:: TASK OBJECTIVE ::
Each line of the material below that holds the word "select" needs to be copied.

:: AVAILABLE RECORDS ::
Start of Block

Lemma sum_survS A t :
  \sum_(z in A) surv f M t.+1 z =
  \sum_x surv f M t x *
    \sum_(y | (y \notin optima f) && (select x y \in A)) hyp_prob R M x y.
Proof.
under eq_bigr do rewrite ffunE.
rewrite exchange_big /=; apply: eq_bigr => x _.
rewrite mulr_sumr; under eq_bigr do rewrite big_mkcond /=.
rewrite exchange_big /= [RHS]big_mkcond /=; apply: eq_bigr => y _.
case: (y \notin optima f) => /=; last by rewrite big1.
rewrite -big_mkcondr /=; case: (boolP (select x y \in A)) => sel_xy.
  by rewrite (big_pred1 (select x y)) // => z /=; case: eqP => [->|]; rewrite ?sel_xy ?andbF.
by rewrite big_pred0 // => z /=; case: eqP => [->|]; rewrite ?(negbTE sel_xy) ?andbF.
Qed.

Lemma sum_surv0_all :
  \sum_x surv f M 0 x = 1 - #|optima f|%:R / 2%:R ^+ n.
Proof.
rewrite (eq_bigl (fun x => x \in [set: bits n])) => [|x]; last by rewrite inE.
have pow2E : #|optima f|%:R + #|~: optima f|%:R = 2%:R ^+ n :> R.
  by rewrite -natrD cardsC card_bits natrX.
rewrite sum_surv0 finset.setTD -pow2E; field.
by rewrite pow2E gt_eqF // exprn_gt0 ?ltr0n.
Qed.

Lemma sum_survS_all t :
  \sum_x surv f M t.+1 x =
  \sum_x surv f M t x * \sum_(y | y \notin optima f) hyp_prob R M x y.
Proof.
rewrite (eq_bigl (fun x => x \in [set: bits n])) => [|x]; last by rewrite inE.
rewrite sum_survS; apply: eq_bigr => x _; congr (_ * _).
by apply: eq_bigl => y; rewrite finset.in_setT andbT.
Qed.

Lemma prob_T_gt_ge0 t : 0 <= prob_T_gt f M t.
Proof. by case: t => [|t] //=; apply: sumr_ge0 => x _; exact: surv_ge0. Qed.

(* The first floor(2e)+1 terms of the series are at least 1/2. *)
Lemma expected_time_ge (e : R) : 0 <= e ->
  (forall t : nat, t%:R <= 2 * e -> 1 / 2 <= prob_T_gt f M t) ->
  (e%:E <= expected_time f M)%E.
Proof.
move=> e_ge0 half_le; set T := (Num.trunc (2 * e)).+1.
apply: le_trans (nneseries_lim_ge T _) => [|t _ _]; last by rewrite lee_fin prob_T_gt_ge0.
rewrite sumEFin lee_fin.
have sum_ge : \sum_(0 <= t < T) (1 / 2 : R) <= \sum_(0 <= t < T) prob_T_gt f M t.
  apply: ler_sum_nat => t /andP[_ t_lt_T]; apply: half_le.
  by rewrite -truncn_ge_nat ?mulr_ge0 // -ltnS.
apply: le_trans sum_ge; rewrite sumr_const_nat subn0 -mulr_natl.
by have := truncnS_gt (2 * e); rewrite -/T; lra.
Qed.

End of Block

:: EXERCISE RESPONSE ::
    \sum_(y | (y \notin optima f) && (select x y \in A)) hyp_prob R M x y.
rewrite -big_mkcondr /=; case: (boolP (select x y \in A)) => sel_xy.
  by rewrite (big_pred1 (select x y)) // => z /=; case: eqP => [->|]; rewrite ?sel_xy ?andbF.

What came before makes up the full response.